For simplicity, we assume that R is an integer, and to make the game a social dilemma we assume that R ≥ 2. Furthermore, the game is typically structured so that players' payoffs cannot drop below zero (the airline cannot impose fines), so the players cannot declare values less than R. Figure 1 shows a (partial) payoff matrix for the game: each player's strategy is the value he or she claims for the item.
What should the travelers do? It might seem natural for both to declare a value of M. However, this is not rational (assuming that both players seek to maximize their monetary payoffs). One player could switch his claim to M−1 and thereby earn a payoff of M−1+R > M (while reducing the other player's payoff to M −1−R). Continuing this iterative deletion of dominated strategies, one finds that the Nash equilibrium is to choose the minimum value, claiming the souvenir was worth just R. As in the Prisoner's Dilemma, “defection” (declaring a low value) dominates “cooperation” (declaring a high value) even though the travelers would be better off if both claimed high values. Thus, the Traveler's Dilemma presents a social dilemma involving coordination coupled with the temptation to exploit the other party.
The Traveler's Dilemma can be used to model situations not only among humans but also among other organisms. For example, competitive egg ejection in the Greater Ani, a communally nesting bird species, can be modeled by the Traveler's Dilemma (Riehl and Jara, 2009; Riehl, 2011). In a nest with two females, each female chooses a time to switch from ejecting eggs out of the nest to laying eggs. If both chose an early date (i.e., a large claim), then both successfully lay a large number of eggs and earn a large (fitness) payoff.

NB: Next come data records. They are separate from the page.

Lemma whitney_diff_components :
  whitney_diff K E1 D1 /\ whitney_diff K E2 D2 /\ whitney_diff K E3 D3.
Proof.
  assert (Htriv : forall (F : R -> R) (l a e : R), 0 < e ->
    Rabs (F a - F a - l * (a - a)) <= e * Rabs (a - a))
    by (intros; rewrite !Rminus_eq_0, Rmult_0_r, Rminus_0_r, !Rabs_R0; lra).
  split; [|split]; intros a Ka e He.
  - destruct (Hconv e He) as [d [Hd Hc]]; exists d; split; [exact Hd|]; intros b Kb Hb.
    unfold E1, D1; rewrite !glue_in by assumption.
    destruct (Req_dec b a) as [->|Hba]; [apply Htriv; lra|].
    rewrite remainder_of_slope, Rabs_mult by lra.
    apply Rmult_le_compat_r; [apply Rabs_pos|left; apply Hc; auto].
    split; [apply Rabs_pos_lt; lra|exact Hb].
  - destruct (Hconv e He) as [d [Hd Hc]]; exists d; split; [exact Hd|]; intros b Kb Hb.
    unfold E2, D2; rewrite !glue_in by assumption.
    destruct (Req_dec b a) as [->|Hba]; [apply Htriv; lra|].
    rewrite remainder_of_slope, Rabs_mult by lra.
    apply Rmult_le_compat_r; [apply Rabs_pos|left; apply Hc; auto].
    split; [apply Rabs_pos_lt; lra|exact Hb].
  - set (C := 1 + 2 * Rabs (X1 gamma a) + 2 * Rabs (X2 gamma a)).
    assert (HC : 1 <= C) by (unfold C; pose proof (Rabs_pos (X1 gamma a));
      pose proof (Rabs_pos (X2 gamma a)); lra).
    destruct (Hconv (e / C)) as [d [Hd Hc]]; [apply Rdiv_lt_0_compat; lra|].
    exists (Rmin d 1); split; [apply Rmin_pos; lra|]; intros b Kb Hb.
    pose proof (Rmin_l d 1); pose proof (Rmin_r d 1).
    unfold E3, D3; rewrite !glue_in by assumption.
    destruct (Req_dec b a) as [->|Hba]; [apply Htriv; lra|].
    destruct (Hc a b Ka Kb) as (h1 & h2 & h3); [split; [apply Rabs_pos_lt|]; lra|].
    (* the third remainder is the area quotient plus the cross terms of the first two *)
    replace (X3 gamma b - X3 gamma a - lift_rate a * (b - a)) with
      (area_quot gamma a b * (b - a) * (b - a)
       + 2 * X2 gamma a * ((slope (X1 gamma) a b - P1 a) * (b - a))
       - 2 * X1 gamma a * ((slope (X2 gamma) a b - P2 a) * (b - a)))
      by (unfold area_quot, slope, lift_rate; field; lra).
    unfold P1, P2 in *.
    set (u := area_quot gamma a b) in *; set (v := slope (X1 gamma) a b - fst (p a)) in *;
    set (w := slope (X2 gamma) a b - snd (p a)) in *; set (r := b - a) in *.
    assert (Hr1 : Rabs r <= 1) by lra.
    pose proof (Rabs_pos u); pose proof (Rabs_pos v); pose proof (Rabs_pos w);
    pose proof (Rabs_pos r); pose proof (Rabs_pos (X1 gamma a)); pose proof (Rabs_pos (X2 gamma a)).
    assert (Hsum : Rabs (u * r * r + 2 * X2 gamma a * (v * r) - 2 * X1 gamma a * (w * r))
      <= (Rabs u + 2 * Rabs (X2 gamma a) * Rabs v + 2 * Rabs (X1 gamma a) * Rabs w) * Rabs r).
    { eapply Rle_trans; [apply Rabs_sub_le|].
      eapply Rle_trans; [apply Rplus_le_compat_r, Rabs_triang|].
      rewrite !Rabs_mult, (Rabs_pos_eq 2) by lra.
      assert (Rabs u * Rabs r * Rabs r <= Rabs u * Rabs r) by
        (rewrite Rmult_assoc; apply Rmult_le_compat_l; nra).
      nra. }
    eapply Rle_trans; [exact Hsum|]; apply Rmult_le_compat_r; [apply Rabs_pos|].
    assert (e / C * C = e) by (field; lra).
    assert (2 * Rabs (X2 gamma a) * Rabs v <= 2 * Rabs (X2 gamma a) * (e / C)) by nra.
    assert (2 * Rabs (X1 gamma a) * Rabs w <= 2 * Rabs (X1 gamma a) * (e / C)) by nra.
    unfold C in *; nra.
Qed.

But if one chooses to wait, she will eject the other's already-laid eggs and achieve an even higher payoff while inflicting a loss on the earlier-laying female.
Human behavior is the main focus of the current paper. When people are asked to play the Traveler's Dilemma in the laboratory, their behavior deviates significantly from the predictions of classical game theory. For example, Capra et al. (1999) conducted a repeated Traveler's Dilemma in which the value of R varied across treatments. Although the Nash equilibrium is to declare the minimum value regardless of R, Capra et al. (1999) found a significant inverse relationship between R and the average claim. This relationship held both in early rounds before any in-game learning occurred and in later rounds after subjects gained experience.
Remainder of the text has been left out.